Kuwait has confirmed it would cut crude oil output starting January as part of the deal agreed by OPEC and non-OPEC producers earlier this month. The news sent Brent and WTI higher, with the former reaching US$54.26 at 1:30 AM EST, and the latter changing hands at US$51.16, both up by about half a percentage point.

The Kuwait Petroleum Corporation said it had notified its clients that January deliveries will be lower, with reports suggesting that the company would cut a larger portion of its output than initially expected.

According to sources from the client side who spoke to Reuters, Kuwait was cutting supplies above the so-called operational tolerance. The operational tolerance is a stipulation in most oil export contracts that allows the seller to increase or cut the size of a delivery with no advance notice, but within certain limits.

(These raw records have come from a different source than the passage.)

(* Let $n\ge1$ and $\lambda=(\lambda_1,\dots,\lambda_n)\in\mathbb{R}^n$ with $0<\lambda_1\le\cdots\le\lambda_n$, and let $(\mathfrak{a},\langle\cdot,\cdot\rangle_{\mathfrak{a}})$ be an abelian quadratic Lie algebra. Endow $\mathrm{osc}(\lambda)\times\mathfrak{a}$ with the product quadratic structure. Then every derivation $D$ of $\mathrm{osc}(\lambda)\times\mathfrak{a}$ which is skew-symmetric with respect to the product form satisfies $D(e_0)=0$. In particular, $\mathrm{osc}(\lambda)\times\mathfrak{a}$ admits no $k$-symplectic structure for any $k\ge1$.
   Context: The oscillator Lie algebra $\mathrm{osc}(\lambda)$ has basis $\{e_{-1},e_0,e_i,\check e_i\}_{i=1,\dots,n}$ with nonvanishing brackets $[e_{-1},e_i]=\lambda_i\check e_i$, $[e_{-1},\check e_i]=-\lambda_ie_i$, $[e_i,\check e_i]=e_0$ (and those obtained by antisymmetry), and invariant quadratic form given for $x=x_{-1}e_{-1}+x_0e_0+\sum_i(x_ie_i+y_i\check e_i)$ by $\langle x,x\rangle=2x_{-1}x_0+\sum_i\frac{1}{\lambda_i}(x_i^2+y_i^2)$. An abelian quadratic Lie algebra is an abelian real Lie algebra with a nondegenerate symmetric bilinear form; the product structure is the Lie algebra direct product with orthogonal sum of forms. A $k$-symplectic structure on a real Lie algebra $\mathfrak{k}$ of dimension $m(k+1)$ ($m,k\ge1$) is a pair consisting of a Lie subalgebra $\mathfrak{h}\subset\mathfrak{k}$ of dimension $mk$ and a family $(\theta_1,\dots,\theta_k)$ of skew-symmetric bilinear forms on $\mathfrak{k}$ such that: (i) $\bigcap_{i=1}^k\ker\theta_i=\{0\}$, where $\ker\theta_i=\{u:\theta_i(u,v)=0\ \forall v\}$; (ii) each $\theta_i$ is a 2-cocycle: $\theta_i([u,v],w)+\theta_i([v,w],u)+\theta_i([w,u],v)=0$ for all $u,v,w$; (iii) $\theta_i(u,v)=0$ for all $u,v\in\mathfrak{h}$ and all $i$. *)

From HB Require Import structures.
From mathcomp Require Import all_boot all_order all_algebra.
From mathcomp Require Import reals.
Set Implicit Arguments. Unset Strict Implicit. Unset Printing Implicit Defensive.
Import Order.TTheory GRing.Theory Num.Theory.
Local Open Scope ring_scope.

(* The underlying space of osc(lambda) x a is R^(2 + n + n + p), encoded as
   row vectors 'rV[R]_(2 + n + n + p) with coordinates ordered as
   (x_{-1}, x_0 | x_1 .. x_n | y_1 .. y_n | a_1 .. a_p),
   i.e. in the basis (e_{-1}, e_0, e_1..e_n, check e_1..check e_n, basis of a). *)

Section Osc.
Variables (R : realType) (n p : nat).

Definition dimOA := (2 + n + n + p)%N.

Definition i_m1 : 'I_dimOA := lshift p (lshift n (lshift n (@Ordinal 2 0 isT))).
Definition i_0  : 'I_dimOA := lshift p (lshift n (lshift n (@Ordinal 2 1 isT))).
Definition i_e (i : 'I_n) : 'I_dimOA := lshift p (lshift n (rshift 2 i)).
Definition i_ce (i : 'I_n) : 'I_dimOA := lshift p (rshift (2 + n) i).
Definition i_a (j : 'I_p) : 'I_dimOA := rshift (2 + n + n) j.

The OPEC deal initially aimed for cuts of 1.2 million bpd, targeting overall output of 32.5 million bpd. However, in the last months, all OPEC members have been expanding their production. Now the amount to be cut to stay under that cap has swelled to 1.7 million bpd.

The Kuwait news is quite timely, coming soon after doubts emerged that Iraq may already be going back on its commitment to partake in the cut. According to oil-loading data seen by the Wall Street Journal earlier this week, OPEC’s second-largest producer was planning to increase shipments of its Basra grade crude in January. This grade accounts for 85 percent of Iraq’s oil exports.

Related: The Oil Mystery Behind Saudi Arabia’s Production Cut

Iraq had pledged to cut production by 210,000 bpd starting in January, from an estimated 4.56 million bpd on average for October. Kuwait’s share was to be 130,000 bpd less than its 3-million-bpd production level.

So far, the OPEC deal and the one with 11 non-OPEC producers that followed it have failed to push crude up to US$60 as some analysts expected. Rather, doubts about compliance among the group’s members and that of non-OPEC producers have limited the upward potential of prices, restraining them comfortably below the US$55 mark.